:: Material shown ::
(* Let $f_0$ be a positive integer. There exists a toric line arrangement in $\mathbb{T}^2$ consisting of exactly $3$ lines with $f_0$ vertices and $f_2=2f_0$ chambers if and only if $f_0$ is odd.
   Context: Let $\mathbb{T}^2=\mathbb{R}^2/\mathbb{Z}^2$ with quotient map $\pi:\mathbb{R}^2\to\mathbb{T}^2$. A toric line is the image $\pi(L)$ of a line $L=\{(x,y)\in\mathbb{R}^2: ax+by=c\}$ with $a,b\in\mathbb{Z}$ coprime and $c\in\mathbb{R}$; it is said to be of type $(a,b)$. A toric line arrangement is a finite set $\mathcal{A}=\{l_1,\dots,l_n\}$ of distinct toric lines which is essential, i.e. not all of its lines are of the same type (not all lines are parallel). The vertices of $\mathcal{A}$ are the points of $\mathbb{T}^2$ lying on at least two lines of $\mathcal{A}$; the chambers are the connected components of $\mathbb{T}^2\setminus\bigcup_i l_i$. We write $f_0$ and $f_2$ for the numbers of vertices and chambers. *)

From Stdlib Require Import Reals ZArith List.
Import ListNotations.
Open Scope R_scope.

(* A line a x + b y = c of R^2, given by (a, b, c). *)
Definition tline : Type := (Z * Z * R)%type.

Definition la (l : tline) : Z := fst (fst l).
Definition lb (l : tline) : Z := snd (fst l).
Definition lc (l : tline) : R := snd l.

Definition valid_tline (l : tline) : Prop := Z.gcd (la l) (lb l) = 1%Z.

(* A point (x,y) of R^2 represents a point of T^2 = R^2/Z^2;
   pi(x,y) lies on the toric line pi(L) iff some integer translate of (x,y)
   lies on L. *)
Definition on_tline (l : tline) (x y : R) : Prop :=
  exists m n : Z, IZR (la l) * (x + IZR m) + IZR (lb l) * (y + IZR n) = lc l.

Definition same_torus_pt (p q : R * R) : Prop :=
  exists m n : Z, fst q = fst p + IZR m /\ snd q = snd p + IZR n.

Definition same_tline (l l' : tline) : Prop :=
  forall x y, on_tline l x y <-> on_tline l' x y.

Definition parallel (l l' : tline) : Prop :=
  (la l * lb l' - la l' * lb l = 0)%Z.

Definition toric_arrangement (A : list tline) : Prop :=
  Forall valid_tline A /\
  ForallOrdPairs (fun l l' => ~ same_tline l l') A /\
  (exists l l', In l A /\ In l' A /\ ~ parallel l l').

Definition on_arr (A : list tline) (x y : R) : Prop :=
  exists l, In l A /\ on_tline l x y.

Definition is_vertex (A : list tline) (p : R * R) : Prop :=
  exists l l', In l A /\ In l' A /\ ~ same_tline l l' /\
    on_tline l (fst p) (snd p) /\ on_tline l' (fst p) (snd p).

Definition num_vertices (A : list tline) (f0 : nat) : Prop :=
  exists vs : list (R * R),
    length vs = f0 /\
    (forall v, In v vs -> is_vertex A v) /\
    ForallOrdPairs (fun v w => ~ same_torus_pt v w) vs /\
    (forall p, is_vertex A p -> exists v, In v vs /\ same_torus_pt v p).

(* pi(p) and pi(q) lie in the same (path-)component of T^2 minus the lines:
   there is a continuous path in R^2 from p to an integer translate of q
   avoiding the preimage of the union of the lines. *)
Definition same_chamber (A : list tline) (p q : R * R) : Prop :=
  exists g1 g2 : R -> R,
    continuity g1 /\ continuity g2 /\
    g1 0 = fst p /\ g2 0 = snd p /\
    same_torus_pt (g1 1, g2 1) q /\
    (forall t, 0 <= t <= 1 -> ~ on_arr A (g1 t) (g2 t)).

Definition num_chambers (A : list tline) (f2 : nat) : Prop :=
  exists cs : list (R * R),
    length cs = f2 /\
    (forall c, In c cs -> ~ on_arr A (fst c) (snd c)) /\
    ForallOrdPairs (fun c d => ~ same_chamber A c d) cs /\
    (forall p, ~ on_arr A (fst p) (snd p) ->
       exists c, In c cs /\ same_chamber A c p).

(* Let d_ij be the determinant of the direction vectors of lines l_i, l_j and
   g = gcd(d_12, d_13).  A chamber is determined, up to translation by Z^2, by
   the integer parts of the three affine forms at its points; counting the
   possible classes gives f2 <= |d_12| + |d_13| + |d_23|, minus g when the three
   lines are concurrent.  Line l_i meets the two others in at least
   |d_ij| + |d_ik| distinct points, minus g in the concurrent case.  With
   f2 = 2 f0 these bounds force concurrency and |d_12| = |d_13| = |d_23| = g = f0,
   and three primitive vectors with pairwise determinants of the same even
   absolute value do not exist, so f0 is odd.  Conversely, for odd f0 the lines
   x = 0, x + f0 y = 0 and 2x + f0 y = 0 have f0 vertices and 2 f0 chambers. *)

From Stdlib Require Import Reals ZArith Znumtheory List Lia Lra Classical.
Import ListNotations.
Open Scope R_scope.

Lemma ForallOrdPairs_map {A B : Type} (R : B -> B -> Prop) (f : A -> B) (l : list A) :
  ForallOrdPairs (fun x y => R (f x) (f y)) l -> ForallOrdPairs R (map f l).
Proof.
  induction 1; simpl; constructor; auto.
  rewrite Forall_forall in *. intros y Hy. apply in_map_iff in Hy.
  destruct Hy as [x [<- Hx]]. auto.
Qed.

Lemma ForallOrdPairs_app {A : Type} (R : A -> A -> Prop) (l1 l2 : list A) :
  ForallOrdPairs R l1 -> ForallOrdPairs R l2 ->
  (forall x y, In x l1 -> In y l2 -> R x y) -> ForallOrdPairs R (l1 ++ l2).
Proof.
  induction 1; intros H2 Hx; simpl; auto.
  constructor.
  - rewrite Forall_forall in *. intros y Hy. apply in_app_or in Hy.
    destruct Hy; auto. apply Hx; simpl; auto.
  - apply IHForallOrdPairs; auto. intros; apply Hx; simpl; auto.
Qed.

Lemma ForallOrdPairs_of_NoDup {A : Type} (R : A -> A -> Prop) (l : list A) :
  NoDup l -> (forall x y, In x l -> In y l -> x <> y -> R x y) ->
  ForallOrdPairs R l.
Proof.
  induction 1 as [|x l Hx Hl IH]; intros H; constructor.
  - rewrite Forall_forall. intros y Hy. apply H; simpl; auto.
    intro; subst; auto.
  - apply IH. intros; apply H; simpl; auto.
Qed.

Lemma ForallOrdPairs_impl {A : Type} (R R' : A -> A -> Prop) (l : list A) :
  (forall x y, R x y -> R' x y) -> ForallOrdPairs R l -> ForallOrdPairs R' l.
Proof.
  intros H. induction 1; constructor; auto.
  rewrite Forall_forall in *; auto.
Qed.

--

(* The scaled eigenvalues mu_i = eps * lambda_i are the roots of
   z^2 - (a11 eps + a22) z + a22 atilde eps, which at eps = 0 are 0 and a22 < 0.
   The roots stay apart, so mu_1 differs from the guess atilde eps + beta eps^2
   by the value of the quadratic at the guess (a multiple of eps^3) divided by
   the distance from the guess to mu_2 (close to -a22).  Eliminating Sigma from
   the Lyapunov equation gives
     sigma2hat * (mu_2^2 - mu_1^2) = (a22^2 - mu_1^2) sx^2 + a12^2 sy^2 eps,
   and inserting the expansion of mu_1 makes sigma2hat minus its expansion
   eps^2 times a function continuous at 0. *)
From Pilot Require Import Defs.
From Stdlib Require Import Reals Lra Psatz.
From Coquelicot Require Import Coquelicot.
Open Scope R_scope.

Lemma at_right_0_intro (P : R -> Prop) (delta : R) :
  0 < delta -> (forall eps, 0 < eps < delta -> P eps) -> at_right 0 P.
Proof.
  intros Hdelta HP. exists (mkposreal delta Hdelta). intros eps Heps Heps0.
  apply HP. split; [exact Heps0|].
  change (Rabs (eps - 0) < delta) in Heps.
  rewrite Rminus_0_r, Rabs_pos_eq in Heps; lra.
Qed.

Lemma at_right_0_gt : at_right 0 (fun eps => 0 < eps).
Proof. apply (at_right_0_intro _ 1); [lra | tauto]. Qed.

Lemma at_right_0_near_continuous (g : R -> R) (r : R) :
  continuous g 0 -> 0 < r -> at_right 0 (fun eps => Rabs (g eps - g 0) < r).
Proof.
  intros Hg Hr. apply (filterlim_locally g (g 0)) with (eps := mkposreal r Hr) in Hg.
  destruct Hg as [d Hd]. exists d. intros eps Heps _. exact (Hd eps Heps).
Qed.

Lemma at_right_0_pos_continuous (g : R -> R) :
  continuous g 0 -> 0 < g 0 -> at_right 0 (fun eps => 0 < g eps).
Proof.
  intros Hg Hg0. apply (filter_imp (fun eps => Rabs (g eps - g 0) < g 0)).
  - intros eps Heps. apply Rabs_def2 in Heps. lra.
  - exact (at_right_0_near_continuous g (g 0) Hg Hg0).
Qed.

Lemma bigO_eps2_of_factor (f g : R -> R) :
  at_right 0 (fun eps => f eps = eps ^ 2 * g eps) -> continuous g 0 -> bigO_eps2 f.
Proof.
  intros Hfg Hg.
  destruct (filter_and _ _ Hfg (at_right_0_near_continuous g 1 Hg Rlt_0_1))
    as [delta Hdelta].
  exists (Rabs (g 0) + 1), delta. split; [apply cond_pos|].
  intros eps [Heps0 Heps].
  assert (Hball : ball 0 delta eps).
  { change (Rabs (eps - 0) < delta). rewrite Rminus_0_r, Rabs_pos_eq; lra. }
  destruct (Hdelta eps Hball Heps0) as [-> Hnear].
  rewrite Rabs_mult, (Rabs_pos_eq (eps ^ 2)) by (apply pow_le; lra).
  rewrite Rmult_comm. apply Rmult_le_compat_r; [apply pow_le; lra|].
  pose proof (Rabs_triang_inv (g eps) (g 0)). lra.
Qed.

:: Assignment ::
Copy the lines of the data above exactly as written, beginning with the line containing "intros Hg Hr." and ending with the line containing "rewrite Rabs_mult, (Rabs_pos_eq", and leave out all other lines.

:: Answer to the exercise ::
  intros Hg Hr. apply (filterlim_locally g (g 0)) with (eps := mkposreal r Hr) in Hg.
  destruct Hg as [d Hd]. exists d. intros eps Heps _. exact (Hd eps Heps).
Qed.

Lemma at_right_0_pos_continuous (g : R -> R) :
  continuous g 0 -> 0 < g 0 -> at_right 0 (fun eps => 0 < g eps).
Proof.
  intros Hg Hg0. apply (filter_imp (fun eps => Rabs (g eps - g 0) < g 0)).
  - intros eps Heps. apply Rabs_def2 in Heps. lra.
  - exact (at_right_0_near_continuous g (g 0) Hg Hg0).
Qed.

Lemma bigO_eps2_of_factor (f g : R -> R) :
  at_right 0 (fun eps => f eps = eps ^ 2 * g eps) -> continuous g 0 -> bigO_eps2 f.
Proof.
  intros Hfg Hg.
  destruct (filter_and _ _ Hfg (at_right_0_near_continuous g 1 Hg Rlt_0_1))
    as [delta Hdelta].
  exists (Rabs (g 0) + 1), delta. split; [apply cond_pos|].
  intros eps [Heps0 Heps].
  assert (Hball : ball 0 delta eps).
  { change (Rabs (eps - 0) < delta). rewrite Rminus_0_r, Rabs_pos_eq; lra. }
  destruct (Hdelta eps Hball Heps0) as [-> Hnear].
  rewrite Rabs_mult, (Rabs_pos_eq (eps ^ 2)) by (apply pow_le; lra).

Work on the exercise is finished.